Lexington (Ky.) Herald-Leader on state legislature must fund pensions:

On the closing day of the 2013 General Assembly, state lawmakers passed a "pension reform" bill and a companion measure expected to generate about $100 million annually in new revenue.

Ostensibly, the extra money will allow legislators to fulfill the commitment made in the reform part of the package to fully fund the state's share of the actuarially recommended contribution (ARC) to the beleaguered Kentucky Retirement Systems starting with the fiscal year that begins July 1, 2014.

Unfortunately, this reform and revenue package contained no direct linkage between the commitment and the money.

Instead of creating a dedicated revenue stream for the pension fund, lawmakers chose to let the new tax dollars go into the General Fund and rely on their (and their successors') integrity to live up to the commitment to fully fund the ARC.

The integrity of current legislators, the ones who made the commitment not so many months ago, will be challenged as they get to work on the budget Gov.

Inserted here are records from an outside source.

Lemma A4_lt_A4 k i : 1 <= i <= t4 k - 1 -> set_lt (A4 k i) (A4 k i.+1).
Proof.
move=> hi; have := a4E k; have := eps4_le1 k; rewrite /set_lt /A4 /iv2 => e1 aE.
split; first by exists (i * a4 k); lia.
split; first by exists (i.+1 * a4 k); lia.
move=> x y; lia.
Qed.

Lemma A4_lt_B4 k : ~~ odd k -> set_lt (A4 k (t4 k)) (B4 k (t4 k + 1)).
Proof.
move=> ev; have := a4E k; rewrite /set_lt /A4 /B4 /iv /iv2 /eps4 (negbTE ev) => aE.
split; first by exists (t4 k * a4 k); lia.
split; first by exists ((t4 k + 1) * a4 k); lia.
move=> x y; lia.
Qed.

Lemma A4_lt_C4 k : 0 < k -> set_lt (A4 k (t4 k)) (C4 k (t4 k + 1)).
Proof.
move/t4_gt0; have := a4E k; have := eps4_le1 k.
rewrite /set_lt /A4 /C4 /iv /iv2 => e1 aE t_gt0.
split; first by exists (t4 k * a4 k); lia.
split; first by exists ((t4 k + 1) * a4 k + 2 * (2 * t4 k + eps4 k)); lia.
move=> x y; lia.
Qed.

Lemma B4_empty k : odd k -> forall x, ~ B4 k (t4 k + 1) x.
Proof. by move=> od x; rewrite /B4 /iv /eps4 od; lia. Qed.

Lemma B4_lt_C4 k i : t4 k + 1 + eps4 k <= i <= 2 * t4 k + eps4 k ->
  set_lt (B4 k i) (C4 k i).
Proof.
move=> hi; have := a4E k; have := eps4_le1 k; rewrite /set_lt /B4 /C4 /iv /iv2 => e1 aE.
split; first by exists (i * a4 k); lia.
split; first by exists (i * a4 k + 2 * (2 * t4 k + eps4 k)); lia.
move=> x y; lia.
Qed.

Lemma C4_lt_B4 k i : t4 k + 1 <= i <= 2 * t4 k + eps4 k - 1 ->
  set_lt (C4 k i) (B4 k i.+1).
Proof.
move=> hi; have := a4E k; have := eps4_le1 k; rewrite /set_lt /B4 /C4 /iv /iv2 => e1 aE.
split; first by exists (i * a4 k + 2 * (2 * t4 k + eps4 k)); lia.
split; first by exists (i.+1 * a4 k); lia.
move=> x y; lia.
Qed.

Lemma C4_lt_conductor k :
  set_lt (C4 k (2 * t4 k + eps4 k)) (from ((2 * t4 k + eps4 k + 1) * a4 k)).
Proof.
have := a4E k; have := eps4_le1 k; rewrite /set_lt /C4 /iv2 /from => e1 aE.
split; first by exists ((2 * t4 k + eps4 k) * a4 k + 2 * (2 * t4 k + eps4 k)); lia.
split; first by exists ((2 * t4 k + eps4 k + 1) * a4 k).
move=> x y; lia.
Qed.

Lemma H4_memG k x : H4 k x <-> memG (a4 k) x.
Proof.
rewrite /H4 /A4 /B4 /C4 /iv /iv2 /from.
have := a4E k; have := eps4_le1 k; move: (a4 k) (t4 k) (eps4 k) => a t e e_le1 aE.
have a_odd : odd a by lia.
split=> [[->|[[i [hi hA]]|[[i [hi hBC]]|hF]]] |].
- exact: memG0.
- by rewrite (_ : x = i * a + (x - i * a)) ?memG_row // /row_mem; lia.
- by rewrite (_ : x = i * a + (x - i * a)) ?memG_row // /row_mem; lia.
- by move: hF; rewrite aE; apply: memG_conductor.
elim/(row_ind a_odd): x => i y hy; rewrite memG_row // /row_mem => hx.
case: (leqP i t) => [hit | hti].
  by case: i hit hx => [|i] hit hx; [left | right; left; exists i.+1]; lia.
case: (leqP i (2 * t + e)) => hi.
  by right; right; left; exists i; lia.
have : (2 * t + e + 1) * a <= i * a by apply: leq_mul; lia.
by right; right; right; lia.
Qed.

Lemma gen_S4 k x : gen (S4 k) x <-> H4 k x.
Proof. by rewrite H4_memG -gen_memG // a4E odd_4t2e1. Qed.

Lemma H4_submonoid k : is_submonoid (H4 k).
Proof. by split=> [|x y]; [left | rewrite -!gen_S4; exact: gen_add]. Qed.

Lemma H4_perm3 k : 0 < k -> perm_ns 3 (H4 k).
Proof.
move=> k_gt0; apply: (perm_ns_ext (fun x => iff_sym (H4_memG k x))).
have := a4_mod3 k; rewrite a4E => a3.
exact: memG_perm3 (eps4_le1 k) (t4_gt0 k_gt0) a3.
Qed.

Theorem lemma4p4 (k : nat) (hk : 0 < k) :
  (* (1) *)
  (is_submonoid (H4 k) /\ (forall s, S4 k s -> H4 k s)) /\
  (* (2) *)
  ((forall i, 1 <= i <= t4 k - 1 -> set_lt (A4 k i) (A4 k i.+1)) /\
   (~~ odd k -> set_lt (A4 k (t4 k)) (B4 k (t4 k + 1)) /\
                set_lt (B4 k (t4 k + 1)) (C4 k (t4 k + 1))) /\
   (odd k -> (forall x, ~ B4 k (t4 k + 1) x) /\
             set_lt (A4 k (t4 k)) (C4 k (t4 k + 1))) /\
   (forall i, t4 k + 2 <= i <= 2 * t4 k + eps4 k -> set_lt (B4 k i) (C4 k i)) /\
   (forall i, t4 k + 1 <= i <= 2 * t4 k + eps4 k - 1 ->
      set_lt (C4 k i) (B4 k i.+1)) /\
   set_lt (C4 k (2 * t4 k + eps4 k)) (from ((2 * t4 k + eps4 k + 1) * a4 k))) /\
  (* (3) *)
  (forall x, gen (S4 k) x <-> H4 k x) /\
  (* (4) *)
  perm_ns 3 (H4 k).
Proof.
have e_le1 := eps4_le1 k.
split; first split; first exact: H4_submonoid.
  by move=> s hs; apply/gen_S4; exact: gen_base.
split; last by split; [exact: gen_S4 | exact: H4_perm3].
split; first exact: A4_lt_A4.
split.
  move=> ev; split; first exact: A4_lt_B4.
  by apply: B4_lt_C4; have := t4_gt0 hk; rewrite /eps4 (negbTE ev); lia.
split; first by move=> od; split; [exact: B4_empty | exact: A4_lt_C4].
split; first by move=> i hi; apply: B4_lt_C4; lia.
by split; [exact: C4_lt_B4 | exact: C4_lt_conductor].
Qed.
Lemma vnorm_tri_vsub x y z : vnorm (vsub x z) <= vnorm (vsub x y) + vnorm (vsub y z).
Proof. rewrite <- (vsub_chain x y z). apply vnorm_tri. Qed.

Lemma vaddK x y : vsub (vadd x y) y = x.
Proof. unfold vsub. rewrite <- vadd_assoc, <- vopp_scal, vadd_opp. apply vadd_0. Qed.

Lemma vnorm_tri_rev x y : vnorm x <= vnorm (vadd x y) + vnorm y.
Proof.
  rewrite <- (vnorm_neg y). rewrite <- (vaddK x y) at 1. apply vnorm_tri.
Qed.

End VectorAlgebra.

Section Span.
Context {X : NormedSpace}.
Implicit Types (x y : X) (L : list X) (v : nat -> X).

Fixpoint span L y : Prop :=
  match L with
  | nil => y = vzero
  | w :: L' => exists c z, span L' z /\ y = vadd z (vscal c w)
  end.

Lemma span_0 L : span L vzero.
Proof.
  induction L as [|w L IH]; simpl; auto.
  exists 0, vzero. split; auto. rewrite vscal_0_l, vadd_0; reflexivity.
Qed.

Lemma span_add L x y : span L x -> span L y -> span L (vadd x y).
Proof.
  revert x y; induction L as [|w L IH]; simpl.
  - intros x y -> ->; rewrite vadd_0; reflexivity.
  - intros x y (c1 & z1 & H1 & ->) (c2 & z2 & H2 & ->).
    exists (c1 + c2), (vadd z1 z2). split; [apply IH; auto|].
    rewrite vadd_shuffle, vscal_distr_s; reflexivity.
Qed.

Lemma span_scal L a x : span L x -> span L (vscal a x).
Proof.
  revert x; induction L as [|w L IH]; simpl.
  - intros x ->; rewrite vscal_0_r; reflexivity.
  - intros x (c & z & Hz & ->). exists (a * c), (vscal a z).
    split; [apply IH; auto|]. rewrite vscal_distr_v, vscal_assoc; reflexivity.
Qed.

Lemma span_sub L x y : span L x -> span L y -> span L (vsub x y).
Proof. intros; apply span_add; auto; apply span_scal; auto. Qed.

Steve Beshear will propose in an address to a joint session of the House and Senate Tuesday night.

And more than 20 years of history suggests they may try to avoid fulfilling their commitment to fund the ARC.

So, the temptation for lawmakers to abandon their 2013 commitment and once again succumb to their decades-old habit of robbing state pension plans to pay for other programs and services will also be great. They must not do so. They must shake their addiction and fully fund the ARC, in the next biennial budget and all the budgets to come.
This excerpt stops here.